Un par de meses atrás fui a Rosario con una amiga. Salimos un domingo temprano, la ruta estaba despejada. Enseguida dejamos atrás Buenos Aires y se abrió el horizonte amplio del campo. En el auto sonaba el CD Brasilerinho de Maria Bethânia, mientras nos actualizábamos sobre los últimos acontecimientos de nuestras vidas: trabajo, alegrías, proyectos, penas, novios.
¿Hace mucho que no vas? Rosario está tan linda, me habían dicho antes de partir.
Llegamos en poco más de tres horas, comimos algo y directo al Macro, el Museo de Arte Contemporáneo emplazado en un antiguo silo reciclado y pintado de rojo, violeta, amarillo. Había gente tomando sol en el parque con el césped verde brillante, impecable como un parque inglés.
Saqué una foto y tuve el impulso de tuitearla y de contar que en Buenos Aires eso no se ve. Por lo menos no tan verde y sin rejas que lo protejan de los perros y el fútbol. Pero mi amiga me contaba una historia de enredos amorosos y me pareció descortés empezar a escribir en el teléfono. Me aguanté. Al rato la llamó su madre y ahí ¡zas! aproveché para mandar un tuit y enseguida otro. No sin cierta vergüenza. Como cuando de chica me robaba un pan de la cocina, antes de la cena.
Ni bien empecé a tuitear fotos y comentarios del viaje vinieron respuestas de seguidores interesados en el recorrido. Muchos preguntaban, algunos retuiteaban o faveaban (clasificar un tuit como favorito). Otros no decían ni mu pero estaban presentes desde el silencio. Uno hasta me dio las gracias porque sentía que viajaba a través de mis despachos de 140 caracteres. Yo sonreía, a veces por lo que mi amiga contaba… y otras, ejem, por los comentarios que leía en el smartphone.

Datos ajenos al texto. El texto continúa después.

Definition maxsat (P : B4 -> Prop) : B4 :=
  let d Q := if excluded_middle_informative Q then true else false in
  if d (P b1111) then b1111 else if d (P b0111) then b0111 else
  if d (P b0011) then b0011 else if d (P b0001) then b0001 else b0000.

Definition pb (P : Prop) : bool := if excluded_middle_informative P then true else false.

Inductive rsform (AP Ag : finType) :=
| RAtom of AP
| RNot of rsform AP Ag
| ROr of rsform AP Ag & rsform AP Ag
| RAnd of rsform AP Ag & rsform AP Ag
| RImpl of rsform AP Ag & rsform AP Ag
| RExists of {set Ag} & rpform AP Ag
| RForall of {set Ag} & rpform AP Ag
with rpform (AP Ag : finType) :=
| RState of rsform AP Ag
| RPNot of rpform AP Ag
| RPOr of rpform AP Ag & rpform AP Ag
| RPAnd of rpform AP Ag & rpform AP Ag
| RPImpl of rpform AP Ag & rpform AP Ag
| RNext of rpform AP Ag
| REv of rpform AP Ag
| RAlw of rpform AP Ag.

Section RSem.
Variables (AP Ag : finType) (S : cgs AP Ag).

Fixpoint rsval (s : st S) (f : rsform AP Ag) {struct f} : B4 :=
  match f with
  | RAtom p => if p \in lab s then b1111 else b0000
  | RNot g => B4neg (rsval s g)
  | ROr g h => B4max (rsval s g) (rsval s h)
  | RAnd g h => B4min (rsval s g) (rsval s h)
  | RImpl g h => B4impl (rsval s g) (rsval s h)
  | RExists A P => maxsat (fun b => exists F : stratset S,
                      forall pi, out s A F pi -> B4ge (rpval pi P) b)
  | RForall A P => maxsat (fun b => forall F : stratset S,
                      exists pi, out s A F pi /\ B4ge (rpval pi P) b)
  end
with rpval (pi : nat -> st S) (P : rpform AP Ag) {struct P} : B4 :=
  match P with
  | RState g => rsval (pi 0) g
  | RPNot Q => B4neg (rpval pi Q)
  | RPOr Q R => B4max (rpval pi Q) (rpval pi R)
  | RPAnd Q R => B4min (rpval pi Q) (rpval pi R)
  | RPImpl Q R => B4impl (rpval pi Q) (rpval pi R)
  | RNext Q => rpval (suffix pi 1) Q
  | REv Q =>
      of_bits (pb (exists i, bit (rpval (suffix pi i) Q) 1))
              (pb (exists i, bit (rpval (suffix pi i) Q) 2))
              (pb (exists i, bit (rpval (suffix pi i) Q) 3))
              (pb (exists i, bit (rpval (suffix pi i) Q) 4))
  | RAlw Q =>
      of_bits (pb (forall i, bit (rpval (suffix pi i) Q) 1))
              (pb (exists i, forall j, (i <= j)%N -> bit (rpval (suffix pi j) Q) 2))
              (pb (forall i, exists j, (i <= j)%N /\ bit (rpval (suffix pi j) Q) 3))
              (pb (exists i, bit (rpval (suffix pi i) Q) 4))
  end.

End RSem.

Inductive asform (AP Ag : finType) :=
| AAtom of AP
| ANot of asform AP Ag
| AOr of asform AP Ag & asform AP Ag
| AExists of {set Ag} & apform AP Ag
| AForall of {set Ag} & apform AP Ag
with apform (AP Ag : finType) :=
| AState of asform AP Ag
| APNot of apform AP Ag
| APOr of apform AP Ag & apform AP Ag
| ANext of apform AP Ag
| AEv of apform AP Ag
| AAlw of apform AP Ag.

Section ASem.
Variables (AP Ag : finType) (S : cgs AP Ag).

Fixpoint asat (s : st S) (f : asform AP Ag) {struct f} : Prop :=
  match f with
  | AAtom p => p \in lab s
  | ANot g => ~ asat s g
  | AOr g h => asat s g \/ asat s h
  | AExists A P => exists F : stratset S, forall pi, out s A F pi -> apsat pi P
  | AForall A P => forall F : stratset S, exists pi, out s A F pi /\ apsat pi P
  end
with apsat (pi : nat -> st S) (P : apform AP Ag) {struct P} : Prop :=
  match P with
  | AState g => asat (pi 0) g
  | APNot Q => ~ apsat pi Q
  | APOr Q R => apsat pi Q \/ apsat pi R
  | ANext Q => apsat (suffix pi 1) Q
  | AEv Q => exists i, apsat (suffix pi i) Q
  | AAlw Q => forall i, apsat (suffix pi i) Q
  end.

End ASem.

From mathcomp Require Import all_boot.
From Stdlib Require Import ClassicalEpsilon Classical FunctionalExtensionality Setoid.

Set Implicit Arguments.
Unset Strict Implicit.
Unset Printing Implicit Defensive.

(* An element of B4 is determined by its four monotone bits, and every rATL*
   operator acts on bits in a way ATL* can express: negation reads bit 1,
   implication compares all four bits, the strategy quantifiers commute with
   the downward closed threshold conditions, and bit k of the dotted box is
   bit k of its argument under [always], [eventually always], [always
   eventually] and [eventually] for k = 1, 2, 3, 4.  This yields, for every
   k, an ATL* formula expressing bit k of an rATL* formula, and [v ⪰ t] is
   such a bit for every [t <> 0000].  Conversely, reading the ATL* operators
   as their dotted rATL* counterparts is a right inverse of the bit-1
   translation, which gives (ii). *)

Definition bit_pos (k : nat) := (0 < k <= 4)%N.

Definition thr (k : nat) : B4 :=
  match k with 1 => b1111 | 2 => b0111 | 3 => b0011 | _ => b0001 end.

Lemma bit_thr v k : bit_pos k -> bit v k = B4ge v (thr k).
Proof. by case: k => [|[|[|[|[|k]]]]] // _; case: v. Qed.

Lemma B4_thr_cases t : t = b0000 \/ exists2 k, bit_pos k & t = thr k.
Proof.
by case: t; [right; exists 1 | right; exists 2 | right; exists 3
            | right; exists 4 | left].
Qed.

Lemma bit1E v : bit v 1 <-> v = b1111.
Proof. by case: v. Qed.

Lemma bit_mono b i j : (0 < i <= j)%N -> (j <= 4)%N -> bit b i -> bit b j.
Proof. by case: b; case: i => [|[|[|[|[|i]]]]]; case: j => [|[|[|[|[|j]]]]]. Qed.

Lemma B4le_trans a b c : B4le a b -> B4le b c -> B4le a c.
Proof. exact: leq_trans. Qed.

Lemma bit_neg b k : bit_pos k -> bit (B4neg b) k = ~~ bit b 1.
Proof. by case: k => [|[|[|[|[|k]]]]] // _; case: b. Qed.

Lemma bit_max b c k : bit (B4max b c) k = bit b k || bit c k.
Proof. by case: k => [|[|[|[|[|k]]]]]; case: b; case: c. Qed.

Lemma bit_min b c k : bit (B4min b c) k = bit b k && bit c k.
Proof. by case: k => [|[|[|[|[|k]]]]]; case: b; case: c. Qed.

Lemma bit_impl b c k : bit_pos k -> bit (B4impl b c) k = B4le b c || bit c k.
Proof. by case: k => [|[|[|[|[|k]]]]] // _; case: b; case: c. Qed.

Lemma B4le_bits b c :
  B4le b c = [&& bit b 1 ==> bit c 1, bit b 2 ==> bit c 2,
                 bit b 3 ==> bit c 3 & bit b 4 ==> bit c 4].
Proof. by case: b; case: c. Qed.

Lemma bit_of_bits (x1 x2 x3 x4 : bool) k :
  (x1 -> x2) -> (x2 -> x3) -> (x3 -> x4) ->
  bit (of_bits x1 x2 x3 x4) k =
  match k with 1 => x1 | 2 => x2 | 3 => x3 | 4 => x4 | _ => false end.
Proof.
by case: x1; case: x2; case: x3; case: x4; case: k => [|[|[|[|[|k]]]]] //= h1 h2 h3;
  first [by move: (h1 isT) | by move: (h2 isT) | by move: (h3 isT)].
Qed.

Lemma pbE (P : Prop) : pb P <-> P.
Proof. by rewrite /pb; case: excluded_middle_informative. Qed.

Lemma maxsat_bit (P : B4 -> Prop) k :
  (forall b c, B4le c b -> P b -> P c) -> bit_pos k ->
  bit (maxsat P) k <-> P (thr k).
Proof.
move=> Pdown hk; rewrite /maxsat.
repeat (case: excluded_middle_informative => ?);
  case: k hk => [|[|[|[|[|k]]]]] // _ /=; split=> // H; try contradiction;
  first [ by apply: (Pdown b1111) | by apply: (Pdown b0111)
        | by apply: (Pdown b0011) | by apply: (Pdown b0001) ].
Qed.

(* The values of [REv Q] and [RAlw Q] on [pi], for [u i := rpval (suffix pi i) Q]. *)
Definition ev_bits (u : nat -> B4) : B4 :=
  of_bits (pb (exists i, bit (u i) 1)) (pb (exists i, bit (u i) 2))
          (pb (exists i, bit (u i) 3)) (pb (exists i, bit (u i) 4)).

Definition alw_bits (u : nat -> B4) : B4 :=
  of_bits (pb (forall i, bit (u i) 1))
          (pb (exists i, forall j, (i <= j)%N -> bit (u j) 2))
          (pb (forall i, exists j, (i <= j)%N /\ bit (u j) 3))
          (pb (exists i, bit (u i) 4)).

Lemma bit_ev_bits u k : bit_pos k -> bit (ev_bits u) k = pb (exists i, bit (u i) k).
Proof.
move=> hk; have mono i j : (0 < i <= j)%N -> (j <= 4)%N ->
    pb (exists n, bit (u n) i) -> pb (exists n, bit (u n) j).
  by move=> hij hj /pbE [n hn]; apply/pbE; exists n; apply: bit_mono hn.
rewrite bit_of_bits; try exact: mono.
by case: k hk => [|[|[|[|[|k]]]]].
Qed.

Lemma bit_alw_bits u k :
  bit (alw_bits u) k =
  match k with
  | 1 => pb (forall i, bit (u i) 1)
  | 2 => pb (exists i, forall j, (i <= j)%N -> bit (u j) 2)
  | 3 => pb (forall i, exists j, (i <= j)%N /\ bit (u j) 3)
  | 4 => pb (exists i, bit (u i) 4)
  | _ => false
  end.
Proof.
apply: bit_of_bits => /pbE h; apply/pbE.
- by exists 0 => j _; apply: bit_mono (h j).
- move=> i; have [n hn] := h; exists (maxn n i); split; first exact: leq_maxr.
  by apply: bit_mono (hn _ (leq_maxl _ _)).
- by have [j [_ hj]] := h 0; exists j; apply: bit_mono hj.
Qed.

Section Paths.
Variables (AP Ag : finType) (S : cgs AP Ag).
Implicit Types (pi : nat -> st S) (P : (nat -> st S) -> Prop).

Lemma suffix_suffix pi i j : suffix (suffix pi i) j = suffix pi (i + j).
Proof. by apply: functional_extensionality => n; rewrite /suffix addnA. Qed.

Lemma ev_alw_suffix P pi :
  (exists i, forall j, P (suffix (suffix pi i) j)) <->
  (exists i, forall j, (i <= j)%N -> P (suffix pi j)).
Proof.
split=> -[i h]; exists i => j.
- by move=> hij; rewrite -(subnKC hij) -suffix_suffix.
- by rewrite suffix_suffix; apply: h; apply: leq_addr.
Qed.

Lemma alw_ev_suffix P pi :
  (forall i, exists j, P (suffix (suffix pi i) j)) <->
  (forall i, exists j, (i <= j)%N /\ P (suffix pi j)).
Proof.
split=> h i; have [j hj] := h i.
- by exists (i + j); rewrite -suffix_suffix leq_addr.
- by case: hj => hij hj; exists (j - i); rewrite suffix_suffix subnKC.
Qed.

End Paths.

Por momentos tenía la impresión de ser la guía de una banda de turistas. No podía dejar de mostrarles a mis contactos el Palacio Minetti, la cúpula de la Bolsa de Comercio, las casonas del Boulevard Oroño. En estos teléfonos todo está diseñado para tardar apenas unos segundos en sacar y mandar una foto. Elogio de la inmediatez. Les recomendé que si venían a Rosario subieran por el ascensor del Monumento a la Bandera y no se perdieran el dulce de leche granizado de la heladería Esther. Eso sí, cuando me daba vuelta no había ninguna banda de nada, solamente mi amiga que si me pescaba tuiteando me miraba medio preocupada, medio ofuscada. ¿Por qué lo haces? ¿Te gusta que la gente sepa dónde estás? ¿Es para mostrar que viajas?, preguntó mientras caminábamos por la Costanera.

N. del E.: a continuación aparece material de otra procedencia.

Lemma code_color_proper p : {in derived code_blocks p &, forall Z1 Z2,
  Z1 != Z2 -> code_color p Z1 = code_color p Z2 -> #|Z1 :&: Z2| <= 0}.
Proof.
move=> Z1 Z2 /code_colorE [x1 x1C [s1 pZ1 ->]] /code_colorE [x2 x2C [s2 pZ2 ->]].
move=> Z12 col12.
have x12 : x1 != x2.
  by apply: contraNneq Z12 => e; rewrite -(setU1K pZ1) -(setU1K pZ2) -s1 -s2 e.
have supp_p (x : {ffun 'I_n -> 'I_m.+2}) Z : supp x = p |: Z -> x p != ord0.
  by move=> sx; have := setU11 p Z; rewrite -sx inE -val_eqE.
have p_agree : p \in agree x1 x2.
  rewrite inE s1 s2 -setUIr setU11 /=.
  by rewrite (unlift0_inj (supp_p _ _ s1) (supp_p _ _ s2) col12).
have pZ12 : p \notin Z1 :&: Z2 by rewrite inE (negbTE pZ1).
have : 0 < #|agree x1 x2| by apply/card_gt0P; exists p.
have := code_meet x1C x2C x12; rewrite s1 s2 -setUIr cardsU1 pZ12; lia.
Qed.
End SteinerOfCode.

Lemma steiner_of_code n w m (B : {set {set 'I_n}}) :
  3 <= w -> steiner 3 w B -> code_exists 3 w n m.+2 ->
  exists2 S : {set {set 'I_n}}, steiner 3 w S & forall p, colorable 2 (derived S p) m.+1.
Proof.
move=> w3 StB [C [C_wt C_dist cardC]]; exists (code_blocks C).
  apply: (steiner_code_blocks w3 C_wt C_dist).
  by rewrite cardC (steiner_card_div w3 StB) (steiner_card StB).
move=> p; apply/colorableP; exists (code_color C p).
exact: (code_color_proper w3 C_wt C_dist).
Qed.

Lemma code_exists_alphabet_gt1 n w q : 3 <= w -> w <= n -> code_exists 3 w n q -> 1 < q.
Proof.
move=> w3 wn [C [C_wt _ cardC]].
have : 0 < #|C| by rewrite cardC divn_gt0 ?bin_gt0 // leq_bin2l.
case/card_gt0P => x xC; apply: (alphabet_gt1 (x := x)).
by rewrite C_wt //; lia.
Qed.

Theorem mainTheorem9 (n w : nat) :
  3 <= w -> w < n ->
  (exists B : {set {set 'I_n}}, steiner 3 w B) ->
  exists S0 : {set {set 'I_n}},
    [/\ steiner 3 w S0,
        forall S : {set {set 'I_n}}, steiner 3 w S ->
          max_derived_chi S0 <= max_derived_chi S,
        code_exists 3 w n (max_derived_chi S0 + 1)
      & forall q, code_exists 3 w n q -> max_derived_chi S0 + 1 <= q].
Proof.
move=> w3 wn [B StB].
have [S0 StS0 S0_min] := arg_minnP (@max_derived_chi n) StB.
exists S0; split=> // [|q codeq]; rewrite addn1.
  exact/(code_of_colorable_derived w3 StS0)/max_derived_chi_leP.
have := code_exists_alphabet_gt1 w3 (ltnW wn) codeq.
case: q codeq => [|[|m]] // codeq _.
have [S StS colS] := steiner_of_code w3 StB codeq.
by rewrite ltnS (leq_trans (S0_min S StS)) //; apply/max_derived_chi_leP.
Qed.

Me acordé de cuando leí a Paul Virilio. El filósofo y urbanista francés que habla de velocidad de la tecnología, las autopistas de la información, la intimidad como espectáculo, el cibermundo y la perturbación en la relación con el otro. Lo mío ni siquiera era travel streaming (relatar viajes en tiempo real), apenas unos cuantos tuits bastaban para alejarme de la vivencia.
El mediodía siguiente nos encontró almorzando en uno de los bolichitos que miran al Paraná. La boga que nos trajeron era tan grande que alcanzó para las dos. Dorada, carnosa y a un precio lógico. Esto tengo que mostrarlo, pensé mientras sacaba una foto. Diez minutos más tarde estaba encerrada en el baño del restaurante con la vista fija en la pantalla del teléfono, tuiteando la boga.

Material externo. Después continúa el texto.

(* For every $q\in(0,1)$ there exists an $S$-gap shift which has the specification property and has entropy $q$.
   Context: For a nonempty set $S\subseteq\{0,1,2,\dots\}$, the $S$-gap shift $X(S)\subseteq\{0,1\}^{\mathbb{Z}}$ is the set of bi-infinite binary sequences in which the number of consecutive zeros between ones is always an element of $S$. The entropy of a shift $X$ is $h(X)=\lim_n\frac1n\log|\mathcal{B}_n(X)|$, where $\mathcal{B}_n(X)$ is the set of words of length $n$ occurring in points of $X$ and $\log$ is to base $2$. $X$ has the specification property if there is $N\ge1$ such that for all $u,v\in\mathcal{B}(X)=\bigcup_n\mathcal{B}_n(X)$ there exists $w\in\mathcal{B}_N(X)$ with $uwv\in\mathcal{B}(X)$. *)

From HB Require Import structures.
From mathcomp Require Import all_boot all_order all_algebra.
From mathcomp Require Import boolp classical_sets reals topology normedtype sequences exp.
Set Implicit Arguments. Unset Strict Implicit. Unset Printing Implicit Defensive.
Import Order.TTheory GRing.Theory Num.Theory.
Import numFieldNormedType.Exports.
Local Open Scope ring_scope.
Local Open Scope classical_set_scope.

Definition point := int -> bool.

Definition gap_shift (S : set nat) : set point :=
  fun x => forall i j : int, i < j -> x i -> x j ->
    (forall k : int, i < k < j -> ~~ x k) -> S (absz (j - i - 1)%R).

Definition occurs (w : seq bool) (x : point) : Prop :=
  exists i : int, forall k : nat, (k < size w)%N -> x (i + k%:Z) = nth false w k.

Definition in_lang (X : set point) (w : seq bool) : Prop :=
  exists x, X x /\ occurs w x.

Definition blocks (X : set point) (n : nat) : {set n.-tuple bool} :=
  [set w : n.-tuple bool | `[< in_lang X (tval w) >]].

Definition has_entropy (R : realType) (X : set point) (h : R) : Prop :=
  (fun n : nat => ln (#|blocks X n|%:R : R) / ln 2 / n%:R) @ \oo --> h.

Definition specification (X : set point) : Prop :=
  exists N : nat, (1 <= N)%N /\
    forall u v, in_lang X u -> in_lang X v ->
      exists w, size w = N /\ in_lang X w /\ in_lang X (u ++ w ++ v).

From HB Require Import structures.
From mathcomp Require Import all_boot all_order all_algebra.
From mathcomp Require Import boolp classical_sets reals topology normedtype sequences exp.
From mathcomp Require Import zify ring lra.
Import Order.TTheory GRing.Theory Num.Theory.
Import numFieldNormedType.Exports.

(* Put r = 2^(-q), so 1/2 < r < 1.  The words of length n of X(S) are counted through a renewal
   equation whose characteristic equation is sum_(s in S) x^(s+1) = 1; hence if this sum equals 1 at
   x = r, the counts grow like r^(-n) up to subexponential factors and h(X(S)) = -log2 r = q.
   Such an S is produced by the lazy expansion of 1 in the powers r^(s+1), started with two
   consecutive elements j and j+1; since r > 1/2 the expansion never skips more than boundedly many
   terms.  Specification then follows: bounded gaps let any two words be joined through an element
   of S, and the blocks 0^j 1 and 0^(j+1) 1 fill any sufficiently long stretch between them. *)

Set Implicit Arguments.
Unset Strict Implicit.
Unset Printing Implicit Defensive.

Local Open Scope classical_set_scope.

Section GapAutomaton.
Variable S : pred nat.

(* State [Some t]: the last one read was followed by [t] zeros; [None]: no one read yet. *)
Fixpoint gap_ok (st : option nat) (w : seq bool) : bool :=
  match w with
  | [::] => true
  | false :: w' => gap_ok (omap succn st) w'
  | true :: w' => (if st is Some t then S t else true) && gap_ok (Some 0) w'
  end.

Fixpoint gap_state (st : option nat) (w : seq bool) : option nat :=
  match w with
  | [::] => st
  | false :: w' => gap_state (omap succn st) w'
  | true :: w' => gap_state (Some 0) w'
  end.

Lemma gap_ok_cat st u v : gap_ok st (u ++ v) = gap_ok st u && gap_ok (gap_state st u) v.
Proof. by elim: u st => [|[] u IH] st //=; rewrite IH andbA. Qed.

Lemma gap_state_cat st u v : gap_state st (u ++ v) = gap_state (gap_state st u) v.
Proof. by elim: u st => [|[] u IH] st //=. Qed.

Lemma gap_ok_nseq st m : gap_ok st (nseq m false).
Proof. by elim: m st => [|m IH] st //=. Qed.

Lemma gap_state_nseq t m : gap_state (Some t) (nseq m false) = Some (m + t).
Proof. by elim: m t => [|m IH] t //=; rewrite IH addnS. Qed.

Lemma gap_state_nseq_None m : gap_state None (nseq m false) = None.
Proof. by elim: m => [|m IH]. Qed.

Lemma gap_ok_None t w : gap_ok (Some t) w -> gap_ok None w.
Proof. by elim: w t => [|[] w IH] t //= => [/andP[]|/IH]. Qed.

Lemma gap_ok_gaps w st : gap_ok st w ->
  (forall b t, b < size w -> nth false w b -> (forall c, c < b -> ~~ nth false w c) ->
     st = Some t -> S (t + b))
  /\ (forall a b, a < b < size w -> nth false w a -> nth false w b ->
     (forall c, a < c < b -> ~~ nth false w c) -> S (b - a - 1)).
Proof.
elim: w st => [|e w IH] st /=.
  by split=> [b t|a b]; rewrite ?ltn0 ?andbF.
have step : gap_ok st (e :: w) -> gap_ok (if e then Some 0 else omap succn st) w.
  by case: e => //= /andP[].
move=> ok; have [IHfirst IHgap] := IH _ (step ok); split.
- case=> [|b] t //= hb wb zeros hst.
    by move: ok; rewrite wb hst /= addn0 => /andP[].
  have e0 : e = false by apply/negbTE/(zeros 0).
  rewrite addnS -addSn; apply: (IHfirst b) => // [c hc|]; first exact: (zeros c.+1).
  by rewrite e0 hst.
- case=> [|a] [|b] //= hab wa wb zeros.
    rewrite subn0 subn1 -[b]add0n; apply: (IHfirst b) => // [c hc|].
      exact: (zeros c.+1).
    by rewrite wa.
  rewrite subSS; apply: IHgap => // c /andP[ac cb].
  by apply: (zeros c.+1); rewrite !ltnS ac cb.
Qed.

La experiencia directa había perdido terreno en mi viaje. Lo real –el río, mi amiga, la charla, el museo– compartía plano con Twitter. Como cuando en la tele dividen la pantalla y se pueden ver dos escenas simultáneas. Sin ser del todo consciente, me había convertido en un canal de transmisión y eso era tan importante como el aquí y ahora. ¿El viaje como una aplicación más de una Red Social?
El resto del tiempo que pasé en la ciudad de Fito Páez y Fontanarrosa mandé tuits a escondidas. Hablaba con mi amiga y cuando encontraba un hueco les escribía a mis contactos. Pretendía estar en dos lugares al mismo tiempo. Le pregunté a un follower rosarino en qué bodegón se comía bien y me enteré de un cine arte que esa semana pasaba películas de Hitchcock. También supe que Raymond Carver estuvo en Rosario en 1984 y dio una conferencia en el Jockey Club que, según dicen, fue aburridísima. Aunque de eso no me enteré por Twitter.
En este punto tengo la impresión de que además de evocar una escapada a Rosario o preguntarme sobre los beneficios y límites de una Red Social, esta columna tiene el móvil íntimo de sumar uno que otro seguidor a mi cuenta @carolreymundez
(Prometo tuitear en viaje, aún desde la contradicción).